(* Let $c>2$ be a constant. For all sufficiently large $n$ and all $p$ with $\frac{c\log n}{n}\le p\le 1$, we have $R(n,p)\ge 1-\frac{1.5}{n}$.
   Context: $\mathcal{G}_{n,p}$ denotes the random directed graph on $n$ vertices in which each ordered pair of distinct vertices is an edge independently with probability $p$. Fix one vertex as the target. $R(n,p)$ is the probability that every vertex of a random graph from $\mathcal{G}_{n,p}$ has a directed path to the target vertex. $\log$ is the natural logarithm. *)

From HB Require Import structures.
From mathcomp Require Import all_boot all_order all_algebra.
From mathcomp Require Import reals exp.
Set Implicit Arguments. Unset Strict Implicit. Unset Printing Implicit Defensive.
Import Order.TTheory GRing.Theory Num.Theory.
Local Open Scope ring_scope.

(* A directed graph on vertex set 'I_n is encoded by its adjacency function
   g : {ffun 'I_n * 'I_n -> bool}; (i,j) is an edge iff g (i,j). Only loopless
   graphs (g (i,i) = false) are considered. *)
Definition loopless (n : nat) (g : {ffun 'I_n * 'I_n -> bool}) : bool :=
  [forall i : 'I_n, ~~ g (i, i)].

Definition edge_rel (n : nat) (g : {ffun 'I_n * 'I_n -> bool}) : rel 'I_n :=
  fun x y => g (x, y).

(* The target vertex is vertex 0. Every vertex has a directed path
   (possibly of length 0) to the target. *)
Definition all_reach_target (n : nat) (g : {ffun 'I_n * 'I_n -> bool}) : bool :=
  [forall v : 'I_n, exists t : 'I_n, (val t == 0%N) && connect (edge_rel g) v t].

(* Probability of the graph g under G_{n,p}: each ordered pair of distinct
   vertices is an edge independently with probability p. *)
Definition gnp_weight (R : realType) (n : nat) (p : R)
    (g : {ffun 'I_n * 'I_n -> bool}) : R :=
  \prod_(e : 'I_n * 'I_n | e.1 != e.2) (if g e then p else 1 - p).

Definition Rnp (R : realType) (n : nat) (p : R) : R :=
  \sum_(g : {ffun 'I_n * 'I_n -> bool} | loopless g && all_reach_target g)
     gnp_weight p g.

From HB Require Import structures.
From mathcomp Require Import all_boot all_order all_algebra.
From mathcomp Require Import reals sequences exp.
From mathcomp Require Import ring lra zify.
Import Order.TTheory GRing.Theory Num.Theory.
Set Implicit Arguments. Unset Strict Implicit. Unset Printing Implicit Defensive.
Local Open Scope ring_scope.

(* If some vertex cannot reach the target, the set S of such
   vertices is nonempty, misses the target and no edge leaves it.  For a fixed
   S with |S| = k this has probability (1-p)^(k(n-k)), so by the union bound
   1 - R(n,p) <= sum_(0<k<n) C(n,k) (1-p)^(k(n-k)).  Using C(n,k) <= n^k,
   1 - p <= e^-p and the symmetry k <-> n - k, the k-th term is at most
   A y^(k-1) with A = n^(1 - c(n-1)/n) and y = n^(-(c-2)/4).  For large n,
   y <= 1/2 and A n <= y^2 <= 1/4, so the sum is at most 6A <= 3/(2n). *)

Local Notation digraph n := {ffun 'I_n * 'I_n -> bool}.

Section GraphWeight.
Variables (R : comPzRingType) (p : R) (n : nat).
Implicit Types (g : digraph n) (S : {set 'I_n}).

(* Extends [gnp_weight] to graphs with loops, giving them weight 0, so that
   the weights of all of [digraph n] sum to 1. *)
Definition pair_weight (e : 'I_n * 'I_n) (b : bool) : R :=
  if e.1 != e.2 then (if b then p else 1 - p) else (if b then 0 else 1).

Definition graph_weight g : R := \prod_e pair_weight e (g e).

Lemma sum_pair_weight e : pair_weight e true + pair_weight e false = 1.
Proof. by rewrite /pair_weight; case: ifP => _; rewrite ?subrKC ?add0r. Qed.

Lemma sum_graph_weight : \sum_g graph_weight g = 1.
Proof.
rewrite /graph_weight -(bigA_distr_bigA pair_weight) /=.
by apply: big1 => e _; rewrite big_bool /= sum_pair_weight.
Qed.

Definition out_closed g S : bool :=
  [forall e : 'I_n * 'I_n, (e.1 \in S) && (e.2 \notin S) ==> ~~ g e].

Lemma sum_graph_weight_out_closed S :
  \sum_(g | out_closed g S) graph_weight g = (1 - p) ^+ (#|S| * (n - #|S|)).
Proof.
pose cut e := (e.1 \in S) && (e.2 \notin S).
pose w e b := if cut e && b then 0 else pair_weight e b.
transitivity (\sum_(g : digraph n) \prod_e w e (g e)).
  rewrite big_mkcond; apply: eq_bigr => g _; rewrite /graph_weight.
  case: ifP => [/forallP gS | /negbT/forallPn[e]].
    apply: eq_bigr => e _; rewrite /w; case cut_e: (cut e) => //=.
    by rewrite (negbTE (implyP (gS e) cut_e)).
  rewrite negb_imply negbK => /andP[cut_e ge].
  by rewrite (bigD1 e) //= /w /cut cut_e ge mul0r.
rewrite -(bigA_distr_bigA w) /= (bigID cut) /= [X in _ * X]big1 ?mulr1; last first.
  by move=> e /negbTE ncut; rewrite big_bool /w ncut /= sum_pair_weight.
rewrite (eq_bigr (fun _ => 1 - p)) ?prodr_const; last first.
  move=> e cut_e; rewrite big_bool /w cut_e /= add0r /pair_weight.
  by case/andP: cut_e => e1S e2S; case: eqP => // e12; rewrite -e12 e1S in e2S.
have -> : #|[pred e | cut e]| = #|setX S (~: S)| by apply: eq_card => e; rewrite !inE.
by rewrite cardsX (cardsCs (~: S)) setCK card_ord.
Qed.

End GraphWeight.

Lemma graph_weight_ge0 (R : numDomainType) (p : R) n (g : digraph n) :
  0 <= p <= 1 -> 0 <= graph_weight p g.
Proof.
case/andP=> p0 p1; apply: prodr_ge0 => e _; rewrite /pair_weight.
by case: ifP => _; case: (g e); rewrite ?subr_ge0.
Qed.

Lemma sum_set_card (V : nmodType) n (P : pred nat) (F : nat -> V) :
  \sum_(S : {set 'I_n} | P #|S|) F #|S| = \sum_(k < n.+1 | P k) F k *+ 'C(n, k).
Proof.
have cardS (S : {set 'I_n}) : (#|S| < n.+1)%N.
  by rewrite ltnS; apply: leq_trans (max_card _) _; rewrite card_ord.
rewrite (partition_big (fun S : {set 'I_n} => inord #|S| : 'I_n.+1) [pred k : 'I_n.+1 | P k]) /=;
  last by move=> S PS; rewrite inordK.
apply: eq_bigr => k Pk; rewrite -[n in 'C(n, _)]card_ord -card_draws -sumr_const.
apply: eq_big => S; last by move=> /andP[_ /eqP <-]; rewrite inordK.
rewrite inE; apply/andP/eqP => [[_ /eqP <-] | Sk]; first by rewrite inordK.
by rewrite Sk; split=> //; apply/eqP/val_inj; rewrite /= inordK // Sk.
Qed.

Section Reachability.
Variables (R : realType) (n : nat).
Implicit Types (p : R) (g : digraph n).

Lemma graph_weight_loopless p g : loopless g -> graph_weight p g = gnp_weight p g.
Proof.
move=> /forallP g_loopless.
rewrite /graph_weight /gnp_weight (bigID (fun e => e.1 != e.2)) /=.
rewrite [X in _ * X]big1 ?mulr1 => [|[x y] /= /negPn/eqP xy]; last first.
  by rewrite /pair_weight xy /= eqxx /= (negbTE (g_loopless y)).
by apply: eq_bigr => e e12; rewrite /pair_weight e12.
Qed.

Lemma graph_weight_loop p g : ~~ loopless g -> graph_weight p g = 0.
Proof.
move=> /forallPn[i /negPn gii].
by rewrite /graph_weight (bigD1 (i, i)) //= /pair_weight /= eqxx gii mul0r.
Qed.

Lemma Rnp_graph_weight p :
  Rnp n p = \sum_(g : digraph n | all_reach_target g) graph_weight p g.
Proof.
rewrite /Rnp (bigID (fun g : digraph n => loopless g) (fun g => all_reach_target g)) /=.
rewrite [X in _ = _ + X]big1 ?addr0 => [|g /andP[_]]; last exact: graph_weight_loop.
apply: eq_big => [g|g /andP[g_loopless _]]; first by rewrite andbC.
by rewrite graph_weight_loopless.
Qed.

Lemma subr1_Rnp p :
  1 - Rnp n p = \sum_(g : digraph n | ~~ all_reach_target g) graph_weight p g.
Proof.
rewrite Rnp_graph_weight -(@sum_graph_weight _ p n).
by rewrite (bigID (fun g : digraph n => all_reach_target g)) /= addrC addrK.
Qed.

(* Witness: the set of vertices with no path to the target. *)
Lemma not_all_reach_target_out_closed g : ~~ all_reach_target g ->
  exists S : {set 'I_n}, [&& 0 < #|S|, #|S| < n & out_closed g S]%N.
Proof.
move=> /forallPn[v /existsPn v_stuck].
pose S := [set x | ~~ [exists t : 'I_n, (val t == 0%N) && connect (edge_rel g) x t]].
have n_gt0 : (0 < n)%N by apply: leq_ltn_trans (ltn_ord v).
exists S; apply/and3P; split.
- by apply/card_gt0P; exists v; rewrite inE; apply/existsPn.
- rewrite -[X in (_ < X)%N](card_ord n) -cardsT; apply: proper_card.
  rewrite properT; apply/eqP => S_full.
  have : Ordinal n_gt0 \in S by rewrite S_full inE.
  by rewrite inE => /existsPn /(_ (Ordinal n_gt0)); rewrite connect0.
- apply/forallP => -[x y] /=; apply/implyP => /andP[xS yS]; apply/negP => gxy.
  move: yS; rewrite inE negbK => /existsP[t /andP[t0 yt]].
  move: xS; rewrite inE => /existsPn /(_ t); rewrite t0 /=.
  by rewrite (connect_trans (connect1 (gxy : edge_rel g x y)) yt).
Qed.

Lemma subr1_Rnp_le p : 0 <= p <= 1 ->
  1 - Rnp n p <= \sum_(S : {set 'I_n} | (0 < #|S| < n)%N) (1 - p) ^+ (#|S| * (n - #|S|)).
Proof.
move=> p01; rewrite subr1_Rnp.
under [X in _ <= X]eq_bigr do rewrite -sum_graph_weight_out_closed big_mkcond.
rewrite exchange_big big_mkcond /=; apply: ler_sum => g _.
have weight_ge0 S : 0 <= (if out_closed g S then graph_weight p g else 0).
  by case: ifP => // _; exact: graph_weight_ge0.
case: ifP => [g_bad | _]; last exact: sumr_ge0.
have [S /and3P[S_gt0 S_lt S_closed]] := not_all_reach_target_out_closed g_bad.
rewrite (bigD1 S) /= ?S_gt0 // S_closed lerDl; exact: sumr_ge0.
Qed.

End Reachability.

Lemma bin_leq_expn n k : ('C(n, k) <= n ^ k)%N.
Proof.
apply: leq_trans (_ : n ^_ k <= n ^ k)%N; first by rewrite -bin_ffact leq_pmulr ?fact_gt0.
elim: k => // k IHk; rewrite ffactnSr expnS mulnC leq_mul //; exact: leq_subr.
Qed.

Lemma sum_expr_le2 (R : realFieldType) (y : R) m :
  0 <= y -> y * 2 <= 1 -> \sum_(i < m) y ^+ i <= 2.
Proof.
move=> y0 y_half; elim: m => [|m IHm]; first by rewrite big_ord0.
rewrite big_ord_recl expr0; under eq_bigr do rewrite exprS; rewrite -mulr_sumr.
have : y * \sum_(i < m) y ^+ i <= y * 2 by apply: ler_wpM2l.
lra.
Qed.

Definition cut_scale (R : realType) (c : R) n : R :=
  expR (ln n%:R * (1 - c * (n%:R - 1) / n%:R)).
Definition cut_ratio (R : realType) (c : R) n : R := expR (- ((c - 2) / 4 * ln n%:R)).

Section CutSum.
Variables (R : realType) (c p : R) (n : nat).
Hypotheses (c_gt2 : 2 < c) (n_large : 4 * c <= n%:R * (c - 2)).
Hypothesis ln_n_large : 4 / (c - 2) <= ln n%:R.
Hypotheses (p_ge : c * ln n%:R / n%:R <= p) (p_le1 : p <= 1).

Let lnn := ln (n%:R : R).
Local Notation A := (cut_scale c n).
Local Notation y := (cut_ratio c n).

Let n_gt0 : (0 < n)%N.
Proof.
rewrite lt0n; apply/eqP => n0; move: n_large.
by rewrite n0 mulr0n mul0r; have := c_gt2; lra.
Qed.

Let lnn_ge0 : 0 <= lnn.
Proof. by rewrite /lnn ln_ge0 // ler1n. Qed.

Let p_ge0 : 0 <= p.
Proof. by apply: le_trans p_ge; rewrite divr_ge0 ?mulr_ge0 //; have := c_gt2; lra. Qed.

Lemma cut_term_le_half m : (0 < m)%N -> (2 * m <= n)%N ->
  (1 - p) ^+ (m * (n - m)) *+ 'C(n, m) <= A * y ^+ m.-1.
Proof.
move=> m_gt0 m_half.
have bin_le : 'C(n, m)%:R <= expR (m%:R * lnn).
  by rewrite expRM_natl lnK ?posrE ?ltr0n // -natrX ler_nat bin_leq_expn.
have cut_le : (1 - p) ^+ (m * (n - m)) <= expR ((m * (n - m))%:R * - (c * lnn / n%:R)).
  rewrite expRM_natl; apply: le_trans (_ : expR (- p) ^+ _ <= _).
    apply: lerXn2r; rewrite ?nnegrE ?expR_ge0 ?subr_ge0 //.
    by have := expR_ge1Dx (- p); lra.
  by apply: lerXn2r; rewrite ?nnegrE ?expR_ge0 // ler_expR lerN2.
rewrite -mulr_natl; apply: le_trans (ler_pM _ _ bin_le cut_le) _ => //.
  by rewrite exprn_ge0 // subr_ge0.
rewrite /cut_scale /cut_ratio -expRM_natl -!expRD ler_expR natrM natrB; last lia.
have -> : (m.-1)%:R = m%:R - 1 :> R by rewrite -[in RHS](prednK m_gt0) -natr1 addrK.
have m_ge1 : 1 <= (m%:R : R) by rewrite ler1n.
have m_half' : 2 * (m%:R : R) <= n%:R by rewrite -natrM ler_nat.
rewrite -subr_ge0; set x := (m%:R : R); set N := (n%:R : R).
(* The difference factors as a sum of two nonnegative terms, one for each
   of the hypotheses [4 c <= n (c - 2)] and [2 m <= n]. *)
have -> : lnn * (1 - c * (N - 1) / N) + (x - 1) * - ((c - 2) / 4 * lnn)
          - (x * lnn + x * (N - x) * - (c * lnn / N))
        = lnn * ((x - 1) * (N * (c - 2) / 4 - c) + (x - 1) * (c / 2) * (N - 2 * x)) / N.
  by field; rewrite /N pnatr_eq0 -lt0n.
rewrite divr_ge0 ?ler0n // mulr_ge0 // addr_ge0 // !mulr_ge0 //.
all: by move: c_gt2 n_large; rewrite -/N; lra.
Qed.

Lemma cut_term_le k : (0 < k < n)%N ->
  (1 - p) ^+ (k * (n - k)) *+ 'C(n, k) <= A * (y ^+ k.-1 + y ^+ (n.-1 - k)).
Proof.
case/andP=> k_gt0 k_lt; have y_ge0 j : 0 <= y ^+ j by rewrite exprn_ge0 ?expR_ge0.
have A_ge0 : 0 <= A := expR_ge0 _.
have [k_half | k_half] := leqP (2 * k) n.
  by apply: le_trans (cut_term_le_half k_gt0 k_half) _; rewrite ler_wpM2l ?lerDl.
rewrite -(bin_sub (ltnW k_lt)) -[k in (k * _)%N](subKn (ltnW k_lt)) mulnC.
have -> : (n.-1 - k = (n - k).-1)%N by lia.
apply: le_trans (cut_term_le_half _ _) _; rewrite ?subn_gt0 //; first lia.
by rewrite ler_wpM2l ?lerDr.
Qed.

Lemma cut_scale_mul_n_le : A * n%:R <= y ^+ 2.
Proof.
rewrite /cut_scale /cut_ratio -[X in _ * X](@lnK _ n%:R) ?posrE ?ltr0n //.
rewrite -expRD -expRM_natl ler_expR.
rewrite -subr_ge0 (_ : _ - _ = lnn * (n%:R * (c - 2) - 2 * c) / (2 * n%:R)).
  by rewrite divr_ge0 ?mulr_ge0 ?ler0n //; move: c_gt2 n_large; lra.
by rewrite /lnn; field; rewrite pnatr_eq0 -lt0n.
Qed.

(* [y <= e ^ -1 <= 1 / 2] *)
Lemma cut_ratio_le_half : y * 2 <= 1.
Proof.
have e_ge2 : 2 <= expR 1 :> R by have := expR_ge1Dx (1 : R); lra.
apply: le_trans (_ : y * expR 1 <= _); first by rewrite ler_wpM2l ?expR_ge0.
have : 1 <= (c - 2) / 4 * lnn.
  apply: le_trans (ler_wpM2l _ ln_n_large); last by rewrite divr_ge0 //; move: c_gt2; lra.
  by rewrite (_ : _ * _ = 1) //; field; move: c_gt2; lra.
by rewrite /cut_ratio -/lnn -expRD -(expR0 R) ler_expR; lra.
Qed.

Lemma sum_cut_term_le :
  \sum_(k < n.+1 | (0 < k < n)%N) (1 - p) ^+ (k * (n - k)) *+ 'C(n, k) <= A * 6.
Proof.
have y_ge0 : 0 <= y := expR_ge0 _.
apply: le_trans (_ : \sum_(k < n.+1) A * (y ^+ k.-1 + y ^+ (n.-1 - k)) <= _).
  rewrite big_mkcond /=; apply: ler_sum => k _; case: ifP => [k_cut | _].
    exact: cut_term_le.
  by rewrite mulr_ge0 ?expR_ge0 ?addr_ge0 ?exprn_ge0.
rewrite -mulr_sumr big_split /= ler_wpM2l ?expR_ge0 //.
have -> : \sum_(k < n.+1) y ^+ (n.-1 - k) = \sum_(k < n.+1) y ^+ k.-1.
  rewrite (reindex_inj rev_ord_inj); apply: eq_bigr => k _ /=.
  by rewrite subSS; congr (_ ^+ _); have := ltn_ord k; lia.
rewrite big_ord_recl /= expr0.
have := sum_expr_le2 n y_ge0 cut_ratio_le_half; lra.
Qed.

Lemma subr1_Rnp_le_cut_scale : 1 - Rnp n p <= A * 6.
Proof.
apply: le_trans sum_cut_term_le.
rewrite -(@sum_set_card _ n (fun k => 0 < k < n)%N (fun k => (1 - p) ^+ (k * (n - k)))).
by apply: subr1_Rnp_le; rewrite p_ge0 p_le1.
Qed.

Lemma subr1_Rnp_le_inv_n : 1 - Rnp n p <= 3 / 2 / n%:R.
Proof.
apply: le_trans subr1_Rnp_le_cut_scale _.
rewrite ler_pdivlMr ?ltr0n // mulrAC.
have y_ge0 : 0 <= y := expR_ge0 _.
have : y ^+ 2 <= 1 / 4 by have := cut_ratio_le_half; rewrite expr2; nra.
have := cut_scale_mul_n_le; lra.
Qed.

End CutSum.

Theorem lemma22 (R : realType) (c : R) (hc : 2 < c) :
  exists N : nat, forall n : nat, (N <= n)%N ->
    forall p : R, c * ln (n%:R) / n%:R <= p -> p <= 1 ->
      1 - (3 / 2) / n%:R <= Rnp n p.
Proof.
have c2_gt0 : 0 < c - 2 by lra.
have exp_ge0 := expR_ge0 (4 / (c - 2)).
have frac_gt0 : 0 < 4 * c / (c - 2) by rewrite divr_gt0 //; lra.
pose B := expR (4 / (c - 2)) + 4 * c / (c - 2).
have B_ge0 : 0 <= B by rewrite /B; lra.
exists (Num.bound B) => n n_ge p p_ge p_le1.
have B_lt_n : B < n%:R by apply: lt_le_trans (archi_boundP B_ge0) _; rewrite ler_nat.
rewrite /B in B_lt_n.
have n_gt0 : 0 < n%:R :> R by lra.
have n_large : 4 * c <= n%:R * (c - 2) by rewrite -ler_pdivrMr //; lra.
have ln_n_large : 4 / (c - 2) <= ln n%:R.
  by rewrite -[X in X <= _]expRK ler_ln ?posrE ?expR_gt0 //; lra.
have := subr1_Rnp_le_inv_n hc n_large ln_n_large p_ge p_le1; lra.
Qed.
——————
WHAT THIS TASK INVOLVES: Please count how many lines of the listing include the word "distinct", giving the number by itself.

SOLUTION FOR THIS PROBLEM: 2